Why DeepSeek-R1’s Success Could Undermine AI Safety and Regulation Efforts
February 3, 2025
The announcement of DeepSeek-R1 in late January 2025 sent shock waves through the AI industry, leading to a significant selloff in U.S. AI stocks. Venture capitalist Marc Andreesen described the event as “AI’s Sputnik moment,” drawing parallels to the Soviet Union’s launch of the first satellite and emphasizing its potential to redefine global AI competition.
The DeepSeek-R1 announcement highlights three realities of the global AI marketplace:
(1) Companies in China and other places not subject to US regulations to develop AI capabilities that are as good as those being developed by US companies.
(2) Small companies can build powerful AI systems. Billions of dollars of funding is not a requirement.
(3) People will develop AI systems without adequate “safety” protections. Researchers found that DeepSeek-R1 could not block any harmful prompts from the HarmBench dataset. It was 11 times more likely to generate harmful content compared to OpenAI’s o1 and was three times more likely than competing models to generate content related to chemical, biological, and nuclear (CBRN) threats.

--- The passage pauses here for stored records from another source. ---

Section CombinedSystem.
Local Unset Implicit Arguments.
Variables (R : realFieldType) (N m : nat) (ms : 'I_N -> nat)
  (D : forall t, 'M[R]_(m, ms t)) (a : forall t, 'cV[R]_(ms t)).

(* Unknowns [w, Pi, y, z, theta], where theta bounds every entry of [u = sum_t y_t]
   (so it stands for the support function of the simplex at u).  The constraints
   are primal feasibility, dual feasibility and a nonpositive duality gap. *)
Local Notation PiI := {t : 'I_N & ('I_m * 'I_(ms t))%type}.
Local Notation ZI := {t : 'I_N & 'I_(ms t)}.
Local Notation Var := (((('I_m + PiI) + ('I_N * 'I_m)) + ZI) + unit)%type.
Local Notation Con :=
  ((((PiI + (bool * ('I_N * 'I_m))) + (bool * ZI)) + 'I_m) + PiI + unit)%type.

Definition pidx t i j : PiI := existT (fun t => ('I_m * 'I_(ms t))%type) t (i, j).
Definition zidx t j : ZI := existT (fun t => 'I_(ms t)) t j.

Definition xw (x : Var -> R) i := x (inl (inl (inl (inl i)))).
Definition xP (x : Var -> R) t i j := x (inl (inl (inl (inr (pidx t i j))))).
Definition xy (x : Var -> R) t i := x (inl (inl (inr (t, i)))).
Definition xz (x : Var -> R) t j := x (inl (inr (zidx t j))).
Definition xth (x : Var -> R) := x (inr tt).

Definition con_Pi t i j : Con := inl (inl (inl (inl (inl (pidx t i j))))).
Definition con_row s t i : Con := inl (inl (inl (inl (inr (s, (t, i)))))).
Definition con_col s t j : Con := inl (inl (inl (inr (s, zidx t j)))).
Definition con_u i : Con := inl (inl (inr i)).
Definition con_V t i j : Con := inl (inr (pidx t i j)).
Definition con_gap : Con := inr tt.

Definition sgn (s : bool) : R := if s then 1 else -1.

Definition gap (x : Var -> R) : R :=
  \sum_t \sum_i \sum_j D t i j * xP x t i j + xth x + \sum_t \sum_j a t j 0 * xz x t j.

Definition sys_lhs (c : Con) (x : Var -> R) : R :=
  match c with
  | inl (inl (inl (inl (inl p)))) => - xP x (tag p) (tagged p).1 (tagged p).2
  | inl (inl (inl (inl (inr q)))) => sgn q.1 * (\sum_j xP x q.2.1 q.2.2 j - xw x q.2.2)
  | inl (inl (inl (inr q))) => sgn q.1 * \sum_i xP x (tag q.2) i (tagged q.2)
  | inl (inl (inr i)) => \sum_t xy x t i - xth x
  | inl (inr p) => - xy x (tag p) (tagged p).1 - xz x (tag p) (tagged p).2
  | inr _ => gap x
  end.

Definition sys_rhs (c : Con) : R :=
  match c with
  | inl (inl (inl (inr q))) => sgn q.1 * a (tag q.2) (tagged q.2) 0
  | inl (inr p) => D (tag p) (tagged p).1 (tagged p).2
  | _ => 0
  end.

Lemma linear_sys_lhs c : linear_form (sys_lhs c).
Proof.
case: c => [[[[[p|q]|q]|i]|p]|[]] /=; rewrite ?/gap;
  repeat first [ apply: linear_formD | apply: linear_formN | apply: linear_formZ
               | apply: linear_form_sum => ? | exact: linear_form_eval ].
Qed.

Lemma sum_pair (X Y : finType) (G : X * Y -> R) : \sum_q G q = \sum_x \sum_y G (x, y).
Proof. by rewrite pair_bigA; apply: eq_bigr => -[]. Qed.

Lemma sum_sign (X : finType) (G : bool * X -> R) :
  \sum_q G q = \sum_x (G (true, x) + G (false, x)).
Proof. by rewrite sum_pair big_bool /= big_split /= addrC. Qed.

Lemma sum_PiI (G : PiI -> R) : \sum_p G p = \sum_t \sum_i \sum_j G (pidx t i j).
Proof.
transitivity (\sum_t \sum_(q : ('I_m * 'I_(ms t))%type) G (existT _ t q)).
  rewrite (sig_big_dep xpredT (fun=> xpredT)
    (fun t (q : ('I_m * 'I_(ms t))%type) => G (existT _ t q))) /=.
  by apply: eq_bigr => -[].
by apply: eq_bigr => t _; rewrite pair_bigA /=; apply: eq_bigr => -[].
Qed.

It also exhibited significant biases, producing discriminatory content in 83% of bias tests.
AI safety and regulatory efforts are focused on three areas:
(1) Ensuring that AI systems don’t facilitate the malicious activities of bad actors
Most US-based frontier models are built with controls that attempt to prevent bad actors from things like
- Designing and synthesizing CBRN weapons
- Automating offensive cyber attacks
- Generating child sexual abuse material, nonconsensual intimate imagery, and sexual exploitation in general
- Producing disinformation, deepfakes, and deceptive use of AI in general
These goals are achieved mostly by various types of guardrails that prevent unwanted output and partly by analyzing training data to avoid the encoding of harmful behavior. There is also considerable research on preventing the circumvention of guardrails via jailbreaks, adversarial attacks, data poisoning, prompt injection, fine-tuning, and deceptive prompting.
The DeepSeek announcement highlights the difficulties of preventing bad actors from using AI technology for malicious purposes. Bad actors can simply choose to use AI technology that is developed without adequate guardrails. DeepSeek’s low cost of developing their AI technology also shows that well-funded bad actors such as governments and terrorist groups can simply build their own AI technology without any guardrails.
US companies like OpenAI and Anthropic invest huge amounts of money in AI safety research designed to prevent malicious acts. But if good actors use the tools with guardrails and bad actors use the tools without guardrails, are these efforts worth the expense? There are research, training time, and runtime expenses and must be factored into the pricing of these systems.
From a regulatory perspective, legislation requiring guardrails and other safety features are compromised if bad actors have access to equally good AI systems without guardrails. Worse, these regulations can be burdensome to companies that build and use AI technology — especially startups with limited funding. Perhaps it would be more effective for regulatory efforts to focus on penalties for bad actors who use AI (or other) tools to perform malicious acts rather than requiring that this type of AI safety be built into AI tools.
It’s also worth asking whether the US focus on AI safety is a distraction that is helping China catch up to the US on AI technology capabilities.
(2) Preventing biases in outputs to ensure fairness and inclusiveness, providing transparency for outputs that affect people’s lives, and preventing toxic output.
These goals are achieved by guardrails that prevent unwanted output, monitoring output for bias, analyzing training data to ensure it is unbiased, and by adding transparency capabilities.
The importance of this category of safety research isn’t affected by the DeepSeek announcement. Legislation in the US and Europe is requiring companies to produce unbiased decisions when those decisions impact people’s lives. Companies will need to choose AI systems with good bias controls for those systems as opposed to systems like DeepSeek that don’t have adequate controls built in.
(3) Addressing the existential threat of losing control of AI systems with catastrophic consequences
It’s unclear if we’ll ever reach this level of capability and, since we don’t yet know how to build this type of capability, it’s unclear if such research is even worthwhile. Many AI luminaries including Geoffrey Hinton and Yoshua Bengio recommend that the US and China purse a worldwide agreement that, if and when AI technology gets close to the point of being out of control, that all nations agree to freeze AI research. The DeepSeek announcement doesn’t impact the value of this type of possible worldwide cooperation.
Models like DeepSeek-R1 should cause us to question the value and cost of AI safety research and regulations designed to prevent bad actors from performing malicious acts. We might be better off using that funding on AI research that protects against malicious acts. As the availability of AI tools to bad actors increases, so does the value of AI-based defensive cybersecurity and AI assistants that protect us from social media, email, and phone scams and disinformation.